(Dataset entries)
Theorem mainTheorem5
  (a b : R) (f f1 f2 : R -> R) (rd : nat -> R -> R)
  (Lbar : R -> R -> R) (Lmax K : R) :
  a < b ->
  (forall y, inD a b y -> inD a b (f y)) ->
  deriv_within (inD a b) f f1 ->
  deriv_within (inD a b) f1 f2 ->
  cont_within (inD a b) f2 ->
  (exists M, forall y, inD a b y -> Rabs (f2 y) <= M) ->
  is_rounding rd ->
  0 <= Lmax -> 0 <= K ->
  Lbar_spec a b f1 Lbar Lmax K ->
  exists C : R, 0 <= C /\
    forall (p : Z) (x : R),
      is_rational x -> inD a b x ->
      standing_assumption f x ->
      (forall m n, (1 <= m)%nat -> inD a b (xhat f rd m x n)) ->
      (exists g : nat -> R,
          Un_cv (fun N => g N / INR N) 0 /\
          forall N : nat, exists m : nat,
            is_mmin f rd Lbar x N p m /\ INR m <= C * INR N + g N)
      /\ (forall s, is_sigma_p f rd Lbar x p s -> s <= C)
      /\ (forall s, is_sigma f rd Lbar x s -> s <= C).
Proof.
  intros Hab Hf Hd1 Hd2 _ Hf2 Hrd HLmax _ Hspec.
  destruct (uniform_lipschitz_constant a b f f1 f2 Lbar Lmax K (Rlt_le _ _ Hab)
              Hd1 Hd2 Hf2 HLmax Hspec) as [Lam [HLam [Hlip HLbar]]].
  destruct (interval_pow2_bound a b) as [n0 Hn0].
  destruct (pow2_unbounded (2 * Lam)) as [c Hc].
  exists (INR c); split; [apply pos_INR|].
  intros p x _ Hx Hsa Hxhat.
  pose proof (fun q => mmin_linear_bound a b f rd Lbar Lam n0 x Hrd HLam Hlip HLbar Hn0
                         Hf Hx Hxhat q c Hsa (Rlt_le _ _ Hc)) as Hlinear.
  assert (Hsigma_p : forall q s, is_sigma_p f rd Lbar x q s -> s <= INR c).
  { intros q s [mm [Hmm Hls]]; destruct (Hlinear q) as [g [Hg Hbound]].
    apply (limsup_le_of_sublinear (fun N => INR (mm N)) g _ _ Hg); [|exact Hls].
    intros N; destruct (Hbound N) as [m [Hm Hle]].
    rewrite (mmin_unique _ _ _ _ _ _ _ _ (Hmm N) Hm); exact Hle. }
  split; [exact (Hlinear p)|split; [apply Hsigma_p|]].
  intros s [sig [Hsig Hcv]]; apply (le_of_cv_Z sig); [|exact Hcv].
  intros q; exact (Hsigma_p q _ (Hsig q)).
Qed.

--

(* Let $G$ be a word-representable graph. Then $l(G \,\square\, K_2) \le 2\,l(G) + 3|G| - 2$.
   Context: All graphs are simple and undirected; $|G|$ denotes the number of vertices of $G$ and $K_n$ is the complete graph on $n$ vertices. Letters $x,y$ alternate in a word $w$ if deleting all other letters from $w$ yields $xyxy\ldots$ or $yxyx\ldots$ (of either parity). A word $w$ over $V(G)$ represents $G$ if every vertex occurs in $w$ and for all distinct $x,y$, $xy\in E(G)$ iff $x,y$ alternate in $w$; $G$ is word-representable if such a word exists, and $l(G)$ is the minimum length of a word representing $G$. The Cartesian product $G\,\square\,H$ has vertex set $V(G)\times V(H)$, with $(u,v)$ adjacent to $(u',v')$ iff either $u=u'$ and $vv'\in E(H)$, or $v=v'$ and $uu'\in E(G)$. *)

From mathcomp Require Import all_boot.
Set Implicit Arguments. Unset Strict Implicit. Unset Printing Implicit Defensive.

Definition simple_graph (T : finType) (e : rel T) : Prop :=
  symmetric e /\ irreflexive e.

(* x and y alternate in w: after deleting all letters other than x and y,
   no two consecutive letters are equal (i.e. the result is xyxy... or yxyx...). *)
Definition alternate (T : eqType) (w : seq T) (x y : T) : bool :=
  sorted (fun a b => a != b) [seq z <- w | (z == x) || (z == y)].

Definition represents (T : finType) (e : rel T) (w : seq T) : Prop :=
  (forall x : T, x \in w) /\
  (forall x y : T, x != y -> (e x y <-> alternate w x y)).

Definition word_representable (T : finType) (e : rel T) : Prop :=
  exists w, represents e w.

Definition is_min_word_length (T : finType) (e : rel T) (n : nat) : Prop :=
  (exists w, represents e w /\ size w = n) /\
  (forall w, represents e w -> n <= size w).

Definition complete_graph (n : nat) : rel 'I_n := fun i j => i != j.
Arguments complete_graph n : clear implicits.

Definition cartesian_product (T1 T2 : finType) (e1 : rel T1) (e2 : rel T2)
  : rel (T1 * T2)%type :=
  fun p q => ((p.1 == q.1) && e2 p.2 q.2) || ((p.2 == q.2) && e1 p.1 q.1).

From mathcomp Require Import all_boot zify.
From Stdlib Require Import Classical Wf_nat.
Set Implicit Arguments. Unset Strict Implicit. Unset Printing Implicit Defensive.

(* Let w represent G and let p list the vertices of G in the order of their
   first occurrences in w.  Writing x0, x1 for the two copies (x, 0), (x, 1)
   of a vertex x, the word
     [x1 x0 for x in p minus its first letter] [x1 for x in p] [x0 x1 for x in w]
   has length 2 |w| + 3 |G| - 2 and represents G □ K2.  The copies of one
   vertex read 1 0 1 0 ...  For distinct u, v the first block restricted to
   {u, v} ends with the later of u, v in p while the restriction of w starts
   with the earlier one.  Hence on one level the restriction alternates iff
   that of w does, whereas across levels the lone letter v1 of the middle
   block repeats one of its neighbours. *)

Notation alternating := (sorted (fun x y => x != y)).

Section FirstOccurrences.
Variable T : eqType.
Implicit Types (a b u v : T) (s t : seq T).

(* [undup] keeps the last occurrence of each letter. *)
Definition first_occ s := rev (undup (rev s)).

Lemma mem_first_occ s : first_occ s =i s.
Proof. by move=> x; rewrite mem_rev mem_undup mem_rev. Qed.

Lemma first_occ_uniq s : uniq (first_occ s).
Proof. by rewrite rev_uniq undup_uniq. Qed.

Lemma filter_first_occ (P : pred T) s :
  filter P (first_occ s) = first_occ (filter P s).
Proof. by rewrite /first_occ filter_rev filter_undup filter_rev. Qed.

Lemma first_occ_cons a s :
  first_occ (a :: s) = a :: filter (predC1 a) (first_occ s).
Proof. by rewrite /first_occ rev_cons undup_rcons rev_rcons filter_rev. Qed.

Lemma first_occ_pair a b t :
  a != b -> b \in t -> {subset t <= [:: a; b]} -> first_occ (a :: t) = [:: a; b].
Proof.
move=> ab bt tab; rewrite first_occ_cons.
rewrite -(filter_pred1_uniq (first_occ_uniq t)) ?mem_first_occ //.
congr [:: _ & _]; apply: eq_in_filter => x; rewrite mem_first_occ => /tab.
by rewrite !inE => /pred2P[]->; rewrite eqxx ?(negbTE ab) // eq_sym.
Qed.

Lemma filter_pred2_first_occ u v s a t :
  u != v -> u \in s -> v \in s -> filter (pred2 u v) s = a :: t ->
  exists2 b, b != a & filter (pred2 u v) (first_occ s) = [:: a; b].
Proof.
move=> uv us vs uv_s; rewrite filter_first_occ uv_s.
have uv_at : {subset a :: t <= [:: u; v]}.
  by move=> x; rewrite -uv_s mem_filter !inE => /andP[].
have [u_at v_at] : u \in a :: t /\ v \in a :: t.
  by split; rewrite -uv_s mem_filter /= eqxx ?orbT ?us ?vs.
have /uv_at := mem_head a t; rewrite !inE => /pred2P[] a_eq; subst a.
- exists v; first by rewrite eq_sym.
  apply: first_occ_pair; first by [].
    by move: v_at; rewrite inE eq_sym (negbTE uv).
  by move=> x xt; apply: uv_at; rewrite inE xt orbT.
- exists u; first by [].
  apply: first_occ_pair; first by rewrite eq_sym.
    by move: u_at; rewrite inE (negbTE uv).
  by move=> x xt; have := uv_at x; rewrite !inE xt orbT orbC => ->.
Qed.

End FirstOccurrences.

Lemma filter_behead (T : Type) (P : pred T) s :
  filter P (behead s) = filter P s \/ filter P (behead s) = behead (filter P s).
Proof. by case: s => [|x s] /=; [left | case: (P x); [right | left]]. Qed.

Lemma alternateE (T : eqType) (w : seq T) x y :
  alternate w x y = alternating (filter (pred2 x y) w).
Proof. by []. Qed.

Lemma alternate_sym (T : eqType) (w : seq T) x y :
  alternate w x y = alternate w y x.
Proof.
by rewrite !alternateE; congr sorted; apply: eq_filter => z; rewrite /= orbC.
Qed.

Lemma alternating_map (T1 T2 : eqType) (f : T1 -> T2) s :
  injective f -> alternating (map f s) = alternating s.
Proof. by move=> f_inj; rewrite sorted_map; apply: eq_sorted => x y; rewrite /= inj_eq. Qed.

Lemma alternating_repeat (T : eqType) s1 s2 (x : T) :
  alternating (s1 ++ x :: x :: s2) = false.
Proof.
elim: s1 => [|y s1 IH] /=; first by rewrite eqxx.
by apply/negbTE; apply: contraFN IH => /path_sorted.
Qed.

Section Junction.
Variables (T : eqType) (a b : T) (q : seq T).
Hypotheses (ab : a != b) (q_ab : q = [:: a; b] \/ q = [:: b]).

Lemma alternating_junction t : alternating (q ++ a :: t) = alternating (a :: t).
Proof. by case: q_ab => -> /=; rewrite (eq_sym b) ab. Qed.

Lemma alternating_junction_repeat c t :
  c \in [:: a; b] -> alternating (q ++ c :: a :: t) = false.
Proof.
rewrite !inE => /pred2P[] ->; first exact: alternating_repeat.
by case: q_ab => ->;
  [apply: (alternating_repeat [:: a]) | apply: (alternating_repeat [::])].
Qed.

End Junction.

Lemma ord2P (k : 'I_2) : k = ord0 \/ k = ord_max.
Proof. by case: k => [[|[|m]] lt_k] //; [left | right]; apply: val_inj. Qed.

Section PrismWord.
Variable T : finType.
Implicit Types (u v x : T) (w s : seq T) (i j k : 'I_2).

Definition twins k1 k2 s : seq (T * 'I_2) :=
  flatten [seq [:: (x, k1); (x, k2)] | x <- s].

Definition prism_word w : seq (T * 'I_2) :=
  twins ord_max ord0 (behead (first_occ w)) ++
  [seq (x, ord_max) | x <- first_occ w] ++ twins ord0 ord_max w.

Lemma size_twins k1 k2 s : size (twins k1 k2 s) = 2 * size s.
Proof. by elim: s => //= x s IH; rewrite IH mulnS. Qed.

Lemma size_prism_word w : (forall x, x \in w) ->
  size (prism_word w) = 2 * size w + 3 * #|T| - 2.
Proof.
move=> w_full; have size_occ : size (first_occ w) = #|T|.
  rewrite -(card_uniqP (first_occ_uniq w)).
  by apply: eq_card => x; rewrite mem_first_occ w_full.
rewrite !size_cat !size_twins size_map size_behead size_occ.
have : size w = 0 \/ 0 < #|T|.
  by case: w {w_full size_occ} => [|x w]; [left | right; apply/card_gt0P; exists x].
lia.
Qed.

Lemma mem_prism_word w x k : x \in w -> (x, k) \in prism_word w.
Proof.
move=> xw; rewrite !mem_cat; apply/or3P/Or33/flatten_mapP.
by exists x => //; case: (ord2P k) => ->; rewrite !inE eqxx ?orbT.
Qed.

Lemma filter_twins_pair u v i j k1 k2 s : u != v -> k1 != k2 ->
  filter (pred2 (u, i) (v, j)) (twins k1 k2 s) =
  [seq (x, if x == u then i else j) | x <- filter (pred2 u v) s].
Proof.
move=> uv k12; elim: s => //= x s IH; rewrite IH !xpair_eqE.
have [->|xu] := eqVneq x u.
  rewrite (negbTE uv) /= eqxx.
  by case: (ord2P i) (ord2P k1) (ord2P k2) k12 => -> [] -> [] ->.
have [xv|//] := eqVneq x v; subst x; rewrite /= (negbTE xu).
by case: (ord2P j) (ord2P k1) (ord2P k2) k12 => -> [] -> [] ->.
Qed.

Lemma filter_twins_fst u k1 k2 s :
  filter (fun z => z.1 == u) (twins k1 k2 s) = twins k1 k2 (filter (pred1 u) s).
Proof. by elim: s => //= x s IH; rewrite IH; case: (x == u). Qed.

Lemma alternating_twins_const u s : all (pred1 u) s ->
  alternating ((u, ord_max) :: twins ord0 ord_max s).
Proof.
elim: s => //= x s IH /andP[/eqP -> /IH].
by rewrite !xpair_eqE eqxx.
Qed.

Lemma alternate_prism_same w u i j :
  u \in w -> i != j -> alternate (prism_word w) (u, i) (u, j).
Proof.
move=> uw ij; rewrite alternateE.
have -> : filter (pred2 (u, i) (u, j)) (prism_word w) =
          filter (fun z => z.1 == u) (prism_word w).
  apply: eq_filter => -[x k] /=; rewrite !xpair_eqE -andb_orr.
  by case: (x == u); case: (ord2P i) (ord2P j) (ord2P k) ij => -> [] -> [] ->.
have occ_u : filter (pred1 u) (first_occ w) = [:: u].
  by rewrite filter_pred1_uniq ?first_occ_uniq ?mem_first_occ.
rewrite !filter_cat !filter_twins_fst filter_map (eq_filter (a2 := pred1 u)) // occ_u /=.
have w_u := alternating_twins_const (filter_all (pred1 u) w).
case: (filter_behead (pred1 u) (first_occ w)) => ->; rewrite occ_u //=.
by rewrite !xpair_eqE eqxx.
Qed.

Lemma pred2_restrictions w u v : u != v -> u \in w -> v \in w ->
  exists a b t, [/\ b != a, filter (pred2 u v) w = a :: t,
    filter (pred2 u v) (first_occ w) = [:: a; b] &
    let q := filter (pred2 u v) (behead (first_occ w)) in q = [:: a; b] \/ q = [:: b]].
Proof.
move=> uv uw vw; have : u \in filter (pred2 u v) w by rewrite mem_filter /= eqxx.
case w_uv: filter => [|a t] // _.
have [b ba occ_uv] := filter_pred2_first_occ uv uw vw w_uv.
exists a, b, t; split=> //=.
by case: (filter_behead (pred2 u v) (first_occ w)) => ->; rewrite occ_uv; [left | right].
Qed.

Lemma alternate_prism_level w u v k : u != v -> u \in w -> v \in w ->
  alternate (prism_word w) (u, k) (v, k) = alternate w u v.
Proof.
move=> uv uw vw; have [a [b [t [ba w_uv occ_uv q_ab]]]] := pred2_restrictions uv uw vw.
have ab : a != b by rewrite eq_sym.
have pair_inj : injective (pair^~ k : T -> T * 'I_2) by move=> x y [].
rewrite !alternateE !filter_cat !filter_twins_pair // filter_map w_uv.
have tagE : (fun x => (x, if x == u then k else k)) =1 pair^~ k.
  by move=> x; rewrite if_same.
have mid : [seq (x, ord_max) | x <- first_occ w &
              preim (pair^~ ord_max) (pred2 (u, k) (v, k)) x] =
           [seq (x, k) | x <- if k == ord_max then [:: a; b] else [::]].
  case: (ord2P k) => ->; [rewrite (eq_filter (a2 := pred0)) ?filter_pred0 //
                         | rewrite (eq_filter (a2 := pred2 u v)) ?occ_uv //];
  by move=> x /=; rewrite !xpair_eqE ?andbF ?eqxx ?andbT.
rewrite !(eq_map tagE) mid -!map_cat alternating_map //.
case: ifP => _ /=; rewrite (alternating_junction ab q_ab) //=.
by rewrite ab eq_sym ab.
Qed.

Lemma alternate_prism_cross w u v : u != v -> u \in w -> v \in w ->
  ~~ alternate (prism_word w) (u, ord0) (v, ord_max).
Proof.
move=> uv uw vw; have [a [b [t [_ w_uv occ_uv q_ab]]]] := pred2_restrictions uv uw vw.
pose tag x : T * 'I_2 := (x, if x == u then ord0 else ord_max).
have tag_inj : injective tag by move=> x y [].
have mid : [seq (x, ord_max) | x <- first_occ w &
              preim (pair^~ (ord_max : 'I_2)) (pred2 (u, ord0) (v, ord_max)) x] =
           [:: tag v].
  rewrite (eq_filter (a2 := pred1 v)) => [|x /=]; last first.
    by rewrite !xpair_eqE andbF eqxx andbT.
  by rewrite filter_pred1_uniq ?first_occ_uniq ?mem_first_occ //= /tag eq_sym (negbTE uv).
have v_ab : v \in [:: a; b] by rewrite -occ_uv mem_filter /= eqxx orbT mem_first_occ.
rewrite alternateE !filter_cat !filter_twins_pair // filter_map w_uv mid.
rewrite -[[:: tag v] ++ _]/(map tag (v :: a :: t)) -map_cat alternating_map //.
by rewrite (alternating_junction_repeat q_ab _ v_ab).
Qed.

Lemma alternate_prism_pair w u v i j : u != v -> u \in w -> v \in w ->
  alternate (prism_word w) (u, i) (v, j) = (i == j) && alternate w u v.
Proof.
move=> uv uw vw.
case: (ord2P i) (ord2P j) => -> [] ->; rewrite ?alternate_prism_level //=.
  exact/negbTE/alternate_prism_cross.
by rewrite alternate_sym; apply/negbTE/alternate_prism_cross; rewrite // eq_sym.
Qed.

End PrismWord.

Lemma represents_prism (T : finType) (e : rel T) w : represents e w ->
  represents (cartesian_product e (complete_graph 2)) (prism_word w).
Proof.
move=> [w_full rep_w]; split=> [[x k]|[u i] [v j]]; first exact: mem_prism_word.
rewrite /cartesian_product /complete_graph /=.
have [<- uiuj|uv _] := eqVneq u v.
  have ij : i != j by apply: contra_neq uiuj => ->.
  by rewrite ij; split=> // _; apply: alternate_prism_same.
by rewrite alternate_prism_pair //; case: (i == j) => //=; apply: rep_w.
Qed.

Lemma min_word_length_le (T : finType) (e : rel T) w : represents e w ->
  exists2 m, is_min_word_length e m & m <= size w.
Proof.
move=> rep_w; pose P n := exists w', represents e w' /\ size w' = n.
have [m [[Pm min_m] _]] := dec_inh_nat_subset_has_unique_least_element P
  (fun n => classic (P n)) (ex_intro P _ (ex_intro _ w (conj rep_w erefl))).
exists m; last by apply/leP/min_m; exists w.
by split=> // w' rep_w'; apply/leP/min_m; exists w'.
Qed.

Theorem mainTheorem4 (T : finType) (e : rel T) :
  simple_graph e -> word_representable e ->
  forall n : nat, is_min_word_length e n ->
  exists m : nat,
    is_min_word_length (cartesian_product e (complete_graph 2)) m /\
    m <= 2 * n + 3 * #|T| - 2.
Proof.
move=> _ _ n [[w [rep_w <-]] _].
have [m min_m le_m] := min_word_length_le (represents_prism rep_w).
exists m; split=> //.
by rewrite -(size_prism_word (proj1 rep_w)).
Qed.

==

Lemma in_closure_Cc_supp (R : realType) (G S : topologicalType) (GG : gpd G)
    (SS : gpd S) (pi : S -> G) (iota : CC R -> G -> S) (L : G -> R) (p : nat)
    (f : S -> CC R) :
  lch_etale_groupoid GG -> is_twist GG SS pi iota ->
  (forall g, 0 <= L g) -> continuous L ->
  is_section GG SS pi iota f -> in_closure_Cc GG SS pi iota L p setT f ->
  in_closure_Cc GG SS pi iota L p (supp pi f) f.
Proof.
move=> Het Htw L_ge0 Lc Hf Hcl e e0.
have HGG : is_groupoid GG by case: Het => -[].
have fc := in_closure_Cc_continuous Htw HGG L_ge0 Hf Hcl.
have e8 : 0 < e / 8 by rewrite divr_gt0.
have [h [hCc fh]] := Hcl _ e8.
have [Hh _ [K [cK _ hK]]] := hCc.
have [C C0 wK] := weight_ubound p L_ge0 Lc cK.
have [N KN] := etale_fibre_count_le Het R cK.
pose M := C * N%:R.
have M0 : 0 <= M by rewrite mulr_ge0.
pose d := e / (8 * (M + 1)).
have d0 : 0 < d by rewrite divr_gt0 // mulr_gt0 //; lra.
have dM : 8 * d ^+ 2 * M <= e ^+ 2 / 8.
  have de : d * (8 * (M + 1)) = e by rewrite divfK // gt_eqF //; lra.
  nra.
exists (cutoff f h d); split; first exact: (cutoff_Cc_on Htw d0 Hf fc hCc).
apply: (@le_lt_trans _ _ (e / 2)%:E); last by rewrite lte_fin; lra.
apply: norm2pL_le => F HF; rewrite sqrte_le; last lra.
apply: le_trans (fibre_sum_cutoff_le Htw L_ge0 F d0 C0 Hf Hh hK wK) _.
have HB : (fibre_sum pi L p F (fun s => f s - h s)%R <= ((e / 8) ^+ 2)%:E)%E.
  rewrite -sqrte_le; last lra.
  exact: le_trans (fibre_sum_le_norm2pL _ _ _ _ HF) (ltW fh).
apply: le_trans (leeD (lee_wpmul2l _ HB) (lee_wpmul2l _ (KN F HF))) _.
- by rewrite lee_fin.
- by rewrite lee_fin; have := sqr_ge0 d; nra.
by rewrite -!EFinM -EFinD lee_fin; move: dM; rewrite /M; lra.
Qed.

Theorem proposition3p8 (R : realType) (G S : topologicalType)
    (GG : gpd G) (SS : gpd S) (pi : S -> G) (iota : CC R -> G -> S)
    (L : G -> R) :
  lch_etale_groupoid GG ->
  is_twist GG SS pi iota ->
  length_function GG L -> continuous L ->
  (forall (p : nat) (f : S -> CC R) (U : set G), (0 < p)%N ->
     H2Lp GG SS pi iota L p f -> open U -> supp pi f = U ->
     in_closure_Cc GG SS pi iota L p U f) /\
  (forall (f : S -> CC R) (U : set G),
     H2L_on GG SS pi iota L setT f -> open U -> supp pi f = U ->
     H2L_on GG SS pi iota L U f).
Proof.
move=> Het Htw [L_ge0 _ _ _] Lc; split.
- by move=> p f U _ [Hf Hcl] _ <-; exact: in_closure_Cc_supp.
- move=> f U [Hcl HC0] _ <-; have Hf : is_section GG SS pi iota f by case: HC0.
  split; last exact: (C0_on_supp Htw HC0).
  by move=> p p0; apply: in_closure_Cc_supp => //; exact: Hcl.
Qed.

Assignment:
Look through the data above and return exactly the lines from the one that contains "Theorem mainTheorem5" to the one that contains "forall N : nat, exists", inclusive, with nothing else.

Answer:
Theorem mainTheorem5
  (a b : R) (f f1 f2 : R -> R) (rd : nat -> R -> R)
  (Lbar : R -> R -> R) (Lmax K : R) :
  a < b ->
  (forall y, inD a b y -> inD a b (f y)) ->
  deriv_within (inD a b) f f1 ->
  deriv_within (inD a b) f1 f2 ->
  cont_within (inD a b) f2 ->
  (exists M, forall y, inD a b y -> Rabs (f2 y) <= M) ->
  is_rounding rd ->
  0 <= Lmax -> 0 <= K ->
  Lbar_spec a b f1 Lbar Lmax K ->
  exists C : R, 0 <= C /\
    forall (p : Z) (x : R),
      is_rational x -> inD a b x ->
      standing_assumption f x ->
      (forall m n, (1 <= m)%nat -> inD a b (xhat f rd m x n)) ->
      (exists g : nat -> R,
          Un_cv (fun N => g N / INR N) 0 /\
          forall N : nat, exists m : nat,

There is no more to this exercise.